Lemma generated_inR L1 L2 g h :
  generated_in L1 g -> generated_in L2 h -> generated_in (2 * (L1 + L2)) [~ g, h].
Proof.
move=> gen_g gen_h; rewrite commgEl.
apply: generated_in_mono (generated_inM (generated_inV gen_g) (generated_inJ gen_g gen_h)).
lia.
Qed.

End Words.

Section ThreeCycles.
Variable T : finType.
Implicit Types (x y z r s v w : T) (g : {perm T}).

(* Permutations compose left to right, [(g * h) w = h (g w)], so this is x -> y -> z -> x. *)
Definition cycle3 x y z : {perm T} := tperm x y * tperm x z.

Lemma cycle3_1 x y z : x != y -> y != z -> cycle3 x y z x = y.
Proof. by move=> xy yz; rewrite permM tpermL tpermD // eq_sym. Qed.

Lemma cycle3_2 x y z : cycle3 x y z y = z.
Proof. by rewrite permM tpermR tpermL. Qed.

Lemma cycle3_3 x y z : x != z -> y != z -> cycle3 x y z z = x.
Proof. by move=> xz yz; rewrite permM [tperm x y z]tpermD ?tpermR. Qed.

Lemma cycle3J x y z g : cycle3 x y z ^ g = cycle3 (g x) (g y) (g z).
Proof. by rewrite conjMg !tpermJ. Qed.

Lemma odd_cycle3 x y z : x != y -> x != z -> odd_perm (cycle3 x y z) = false.
Proof. by move=> xy xz; rewrite odd_permM !odd_tperm xy xz. Qed.

Lemma cycle3_on x y z : perm_on [set x; y; z] (cycle3 x y z).
Proof.
apply: perm_onM; apply: subset_trans (tperm_on _ _) _;
  by apply/subsetP=> w; rewrite !inE => /orP[]->; rewrite ?orbT.
Qed.
From HB Require Import structures.
From mathcomp Require Import all_boot all_order all_algebra.
From mathcomp Require Import ring lra zify.
Set Implicit Arguments. Unset Strict Implicit. Unset Printing Implicit Defensive.
Import Order.TTheory GRing.Theory Num.Theory.
Local Open Scope ring_scope.

(* A deterministic channel has rank one iff it is a constant map, so P_lam(1)
   is the weight lam gives to the constant maps cst j.  Since cst j sends every
   row to column j, that weight is at most every entry of column j, and since
   any other map sends at most m - 1 rows to column j, the column sum of W is
   at most (m - 1) + lam (cst j); this gives both bounds.  For attainment,
   subtract the constant part (alpha_j, resp. (g - m + 1)_+ on a heaviest
   column) from W.  The remainder V has row sums s and column sums at most
   (m - 1) s, and every such V is a nonnegative combination of non-constant
   maps: repeatedly subtract the largest multiple of a non-constant map inside
   the support of V that keeps these constraints, until either an entry
   vanishes (the support shrinks) or a column sum reaches (m - 1) s, a case
   with an explicit decomposition. *)

Lemma ltr_sum_exists (R : realDomainType) (I : finType) (P : pred I) (F G : I -> R) :
  \sum_(i | P i) F i < \sum_(i | P i) G i -> exists2 i, P i & F i < G i.
Proof.
move=> lt_sum; apply/exists_inP; apply: contraTT lt_sum => /exists_inPn ge_FG.
by rewrite -leNgt; apply: ler_sum => i /ge_FG; rewrite -leNgt.
Qed.

Lemma ler_sum_term (R : numDomainType) (I : finType) (P : pred I) (F : I -> R) i :
  (forall j, P j -> 0 <= F j) -> P i -> F i <= \sum_(j | P j) F j.
Proof.
by move=> F_ge0 P_i; rewrite (bigD1 i) //= lerDl sumr_ge0 // => j /andP [/F_ge0].
Qed.

Section DeterministicChannels.
Variables (R : realFieldType) (m n : nat).
Implicit Types (f : {ffun 'I_m -> 'I_n}) (mu lam : {ffun {ffun 'I_m -> 'I_n} -> R}).
Implicit Types (V : 'M[R]_(m, n)) (s t : R).

Definition cst (j : 'I_n) : {ffun 'I_m -> 'I_n} := [ffun=> j].

Lemma cst_inj : (0 < m)%N -> injective cst.
Proof. by move=> m_gt0 j k /ffunP /(_ (Ordinal m_gt0)); rewrite !ffunE. Qed.

Lemma rank_detmx_eq1 f : (0 < m)%N ->
  (\rank (detmx R f) == 1%N) = [exists j, f == cst j].
Proof.
move=> m_gt0; pose i0 : 'I_m := Ordinal m_gt0.
apply/eqP/existsP => [rank1 | [j /eqP ->]].
  exists (f i0); apply/eqP/ffunP => i; rewrite ffunE; apply/eqP; apply: contraT => f_i_neq.
  pose r (k : 'I_2) := if k == 0 then i else i0.
  have r_inj : injective (f \o r).
    move=> [[|[|k]] ?] [[|[|k']] ?] //= => [_|/eqP|/eqP|_]; try exact: val_inj.
      by rewrite (negbTE f_i_neq).
    by rewrite eq_sym (negbTE f_i_neq).
  have := @mulmx1_min_rank R 2 _ _ (detmx R f) (rowsub r 1%:M) (colsub (f \o r) 1%:M).
  rewrite rank1 mul_rowsub_mx mul1mx mulmx_colsub mulmx1; apply.
  by apply/matrixP => k k'; rewrite !mxE (inj_eq r_inj).
have -> : detmx R (cst j) = const_mx 1 *m (\row_k (j == k)%:R : 'rV[R]_n).
  by apply/matrixP => i k; rewrite !mxE big_ord1 !mxE ffunE mul1r.
apply/eqP; rewrite eqn_leq mulmx_max_rank lt0n mxrank_eq0.
apply/eqP => /matrixP/(_ i0 j)/eqP.
by rewrite !mxE big_ord1 !mxE eqxx mul1r oner_eq0.
Qed.

Lemma P_lam1E lam : (0 < m)%N -> P_lam lam 1 = \sum_j lam (cst j).
Proof.
move=> m_gt0; rewrite /P_lam.
rewrite -[RHS](big_imset lam (in2W (cst_inj m_gt0))) /=.
apply: eq_bigl => f; rewrite rank_detmx_eq1 //.
by apply/existsP/imsetP => [[j /eqP ->]|[j _ ->]]; exists j.
Qed.

Definition colsum V j := \sum_i V i j.

Definition mixture mu : 'M[R]_(m, n) := \sum_f mu f *: detmx R f.

Lemma mixtureE mu i j : mixture mu i j = \sum_(f : {ffun 'I_m -> 'I_n} | f i == j) mu f.
Proof.
rewrite summxE [RHS]big_mkcond; apply: eq_bigr => f _.
by rewrite !mxE; case: eqP => _; rewrite ?mulr1 ?mulr0.
Qed.

Lemma mixture_rowsum mu i : \sum_j mixture mu i j = \sum_f mu f.
Proof.
rewrite [RHS](partition_big (fun f : {ffun 'I_m -> 'I_n} => f i) xpredT) //=.
by apply: eq_bigr => j _; rewrite mixtureE.
Qed.

Lemma mixture_colsum mu j :
  colsum (mixture mu) j = \sum_f mu f *+ #|[set i | f i == j]|.
Proof.
rewrite /colsum; under eq_bigr => i _ do rewrite mixtureE.
rewrite (exchange_big_dep xpredT) //=; apply: eq_bigr => f _.
by rewrite -sumr_const; apply: eq_bigl => i; rewrite inE.
Qed.

Lemma card_fiber_le f j :
  f != cst j -> #|[set i | f i == j]|%:R <= m%:R - 1 :> R.
Proof.
move=> f_ne; rewrite lerBrDr natr1 ler_nat -[m in (_ <= m)%N]card_ord.
apply: proper_card; apply/properP; split; first exact: subset_predT.
have [i f_i_ne] : exists i, f i != j.
  apply/existsP; apply: contraR f_ne => /existsPn f_j.
  by apply/eqP/ffunP => i; rewrite ffunE; apply/eqP/negPn.
by exists i; rewrite ?inE.
Qed.

Lemma rowsum_sub_detmx V t f i :
  \sum_j (V - t *: detmx R f) i j = \sum_j V i j - t.
Proof.
under eq_bigr do rewrite !mxE.
rewrite sumrB; congr (_ - _).
rewrite (bigD1 (f i)) //= eqxx mulr1 big1 ?addr0 // => j /negbTE.
by rewrite eq_sym => ->; rewrite mulr0.
Qed.

Lemma colsum_le_entry V s i j : (forall i j, 0 <= V i j) ->
  (forall i, \sum_j V i j = s) -> colsum V j <= (m%:R - 1) * s + V i j.
Proof.
move=> V_ge0 V_row.
have : s - V i j <= \sum_k (s - V k j).
  apply: ler_sum_term => // k _; rewrite subr_ge0 -(V_row k).
  by apply: ler_sum_term => // j' _; exact: V_ge0.
by rewrite sumrB sumr_const card_ord -mulr_natl /colsum; lra.
Qed.

Lemma card_cst_fiber k j : #|[set i | cst k i == j]| = if k == j then m else 0%N.
Proof.
case: eqP => [<-|ne_k].
  by rewrite -[in RHS](card_ord m); apply: eq_card => i; rewrite !inE ffunE eqxx.
by apply/eqP; rewrite cards_eq0; apply/eqP/setP => i; rewrite !inE ffunE; exact/eqP.
Qed.

Lemma colsum_total V s :
  (forall i, \sum_j V i j = s) -> \sum_j colsum V j = m%:R * s.
Proof.
move=> V_row; rewrite exchange_big /= (eq_bigr _ (fun i _ => V_row i)).
by rewrite sumr_const card_ord mulr_natl.
Qed.

Lemma colsum_sub_detmx V t f j :
  colsum (V - t *: detmx R f) j = colsum V j - t * #|[set i | f i == j]|%:R.
Proof.
rewrite /colsum -sumr_const [X in t * X]big_mkcond mulr_sumr -sumrB.
apply: eq_bigr => i _.
by rewrite !mxE inE; case: eqP; rewrite ?mulr1 ?mulr0.
Qed.

Definition cst_but (j0 : 'I_n) (i0 : 'I_m) (j : 'I_n) : {ffun 'I_m -> 'I_n} :=
  [ffun i => if i == i0 then j else j0].

(* When column j0 is tight the deficits s - V i j0 add up to s, so the rows can
   take turns leaving j0: row i0 goes to j with weight V i0 j while all other
   rows stay in j0. *)
Lemma tight_col_decomposition V s j0 :
  (forall i, \sum_j V i j = s) -> colsum V j0 = (m%:R - 1) * s ->
  V = \sum_i0 \sum_(j | j != j0) V i0 j *: detmx R (cst_but j0 i0 j).
Proof.
move=> V_row V_tight.
have off_j0 i0 : \sum_(j | j != j0) V i0 j = s - V i0 j0.
  by rewrite -(V_row i0) [in RHS](bigD1 j0) //= addrC addrK.
apply/matrixP => i k.
have entry i0 j : (V i0 j *: detmx R (cst_but j0 i0 j)) i k =
    V i0 j * ((if i == i0 then j else j0) == k)%:R by rewrite !mxE ffunE.
rewrite summxE (bigD1 i) //= summxE.
rewrite (eq_bigr (fun j => V i j * (j == k)%:R)) => [|j _]; last by rewrite entry eqxx.
rewrite (eq_bigr (fun i0 => (j0 == k)%:R * (s - V i0 j0))) => [|i0 ne_i0]; last first.
  rewrite summxE -off_j0 mulr_sumr; apply: eq_bigr => j _.
  by rewrite entry [i == i0]eq_sym (negbTE ne_i0) mulrC.
have [<-|ne_k] := eqVneq j0 k; last first.
  rewrite [X in _ + X]big1 => [|i0 _]; last by rewrite mul0r.
  rewrite addr0 (bigD1 k) 1?eq_sym //= eqxx mulr1 big1 ?addr0 // => j /andP [_].
  by move/negbTE ->; rewrite mulr0.
rewrite big1 => [|j /negbTE ->]; last by rewrite mulr0.
rewrite add0r; under eq_bigr do rewrite mul1r.
have : \sum_i0 (s - V i0 j0) = s.
  by rewrite sumrB sumr_const card_ord -mulr_natl -[\sum_i0 _]/(colsum V j0) V_tight; ring.
rewrite (bigD1 i) //=; lra.
Qed.

End DeterministicChannels.

Section NonconstantMixtures.
Variables (R : realFieldType) (m n : nat).
Hypothesis m_gt1 : (1 < m)%N.
Implicit Types (f : {ffun 'I_m -> 'I_n}) (V : 'M[R]_(m, n)) (s t : R).

Definition nonconst_mixture V := exists mu : {ffun {ffun 'I_m -> 'I_n} -> R},
  [/\ forall f, 0 <= mu f, forall j, mu (cst m j) = 0 & V = mixture mu].

Lemma nonconst_mixture0 : nonconst_mixture 0.
Proof.
exists [ffun=> 0]; split=> [f|j|]; rewrite ?ffunE //.
by rewrite /mixture big1 // => f _; rewrite ffunE scale0r.
Qed.

Lemma nonconst_mixtureD V1 V2 :
  nonconst_mixture V1 -> nonconst_mixture V2 -> nonconst_mixture (V1 + V2).
Proof.
move=> [mu1 [mu1_ge0 mu1_cst ->]] [mu2 [mu2_ge0 mu2_cst ->]].
exists [ffun f => mu1 f + mu2 f].
split=> [f|j|]; rewrite ?ffunE ?addr_ge0 ?mu1_cst ?mu2_cst ?addr0 //.
by rewrite /mixture -big_split; apply: eq_bigr => f _; rewrite ffunE scalerDl.
Qed.

Lemma nonconst_mixture_sum (I : finType) (P : pred I) (F : I -> 'M[R]_(m, n)) :
  (forall k, P k -> nonconst_mixture (F k)) -> nonconst_mixture (\sum_(k | P k) F k).
Proof. exact: (big_ind nonconst_mixture nonconst_mixture0 nonconst_mixtureD). Qed.

Lemma nonconst_mixture_det t f :
  0 <= t -> (forall j, f != cst m j) -> nonconst_mixture (t *: detmx R f).
Proof.
move=> t_ge0 f_ncst; exists [ffun g => if g == f then t else 0].
split=> [g|j|]; rewrite ?ffunE; first by case: eqP.
  by rewrite eq_sym (negbTE (f_ncst j)).
rewrite /mixture (bigD1 f) //= ffunE eqxx big1 ?addr0 // => g /negbTE g_ne.
by rewrite ffunE g_ne scale0r.
Qed.

Lemma exists_neq (i0 : 'I_m) : exists i, i != i0.
Proof.
have [->|ne] := eqVneq i0 (Ordinal (ltnW m_gt1)); first by exists (Ordinal m_gt1).
by exists (Ordinal (ltnW m_gt1)); rewrite eq_sym.
Qed.

Lemma cst_but_nonconst (j0 : 'I_n) (i0 : 'I_m) j k :
  j != j0 -> cst_but j0 i0 j != cst m k.
Proof.
move=> ne_j; apply/eqP => /ffunP eq_k; have [i ne_i] := exists_neq i0.
move: (eq_k i) (eq_k i0); rewrite !ffunE eqxx (negbTE ne_i) => <- eq_j.
by rewrite eq_j eqxx in ne_j.
Qed.

Lemma tight_nonconst_mixture V s j0 :
  (forall i j, 0 <= V i j) -> (forall i, \sum_j V i j = s) ->
  colsum V j0 = (m%:R - 1) * s -> nonconst_mixture V.
Proof.
move=> V_ge0 V_row V_tight; rewrite (tight_col_decomposition V_row V_tight).
apply: nonconst_mixture_sum => i0 _; apply: nonconst_mixture_sum => j ne_j.
by apply: nonconst_mixture_det => // k; exact: cst_but_nonconst.
Qed.

Definition admissible V s :=
  [/\ forall i j, 0 <= V i j, forall i, \sum_j V i j = s
     & forall j, colsum V j <= (m%:R - 1) * s].

Definition nnz V := #|[set ij : 'I_m * 'I_n | V ij.1 ij.2 != 0]|.

Lemma exists_nonconst_support V s : admissible V s -> 0 < s ->
  exists f : {ffun 'I_m -> 'I_n}, (forall i, 0 < V i (f i)) /\ (forall j, f != cst m j).
Proof.
move=> [V_ge0 V_row V_col] s_gt0.
have [g g_pos] : exists g : {ffun 'I_m -> 'I_n}, forall i, 0 < V i (g i).
  have row_pos i : exists j, 0 < V i j.
    have [j _ V_pos] : exists2 j, true & 0 < V i j.
      by apply: ltr_sum_exists; rewrite sumr_const mul0rn V_row.
    by exists j.
  have [g0 g0_pos] := fin_all_exists row_pos.
  by exists (finfun g0) => i; rewrite ffunE.
set j := g (Ordinal (ltnW m_gt1)).
have [/forallP g_j | /forallPn [i g_i_ne]] := boolP [forall i, g i == j]; last first.
  exists g; split => // k; apply/eqP => /ffunP g_k.
  by move: g_i_ne; rewrite /j !g_k !ffunE eqxx.
have [i1 _ lt_i1] : exists2 i1, true & V i1 j < s.
  apply: ltr_sum_exists; rewrite sumr_const card_ord -mulr_natl.
  have := V_col j; rewrite /colsum; lra.
have [j1 ne_j1 pos_j1] : exists2 j1, j1 != j & 0 < V i1 j1.
  apply: ltr_sum_exists; rewrite sumr_const mul0rn.
  have := V_row i1; rewrite (bigD1 j) //=; lra.
exists [ffun i => if i == i1 then j1 else g i]; split=> [i|k]; rewrite ?ffunE.
  by case: eqP => [->|].
apply/eqP => /ffunP f_k; have [i2 ne_i2] := exists_neq i1.
move: (f_k i1) (f_k i2); rewrite !ffunE eqxx (negbTE ne_i2) (eqP (g_j i2)) => <- eq_j.
by rewrite eq_j eqxx in ne_j1.
Qed.

Lemma nnz_sub_detmx_lt V t f i :
  (forall i, 0 < V i (f i)) -> t = V i (f i) -> (nnz (V - t *: detmx R f) < nnz V)%N.
Proof.
move=> f_pos t_eq; apply: proper_card; apply/properP; split.
  apply/subsetP => -[i' j']; rewrite !inE /= !mxE; apply: contra => /eqP V_0.
  case: (f i' =P j') => [f_i'|_]; last by rewrite V_0 mulr0 subr0.
  by move: (f_pos i'); rewrite f_i' V_0 ltxx.
exists (i, f i); rewrite !inE /=; first by rewrite gt_eqF.
by rewrite !mxE eqxx mulr1 -t_eq subrr eqxx.
Qed.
----
§ ASSIGNED TASK: All lines in the records that contain "ltnW" are to be copied and returned.

§ RESPONSE TO THE TASK:
have [->|ne] := eqVneq i0 (Ordinal (ltnW m_gt1)); first by exists (Ordinal m_gt1).
by exists (Ordinal (ltnW m_gt1)); rewrite eq_sym.
set j := g (Ordinal (ltnW m_gt1)).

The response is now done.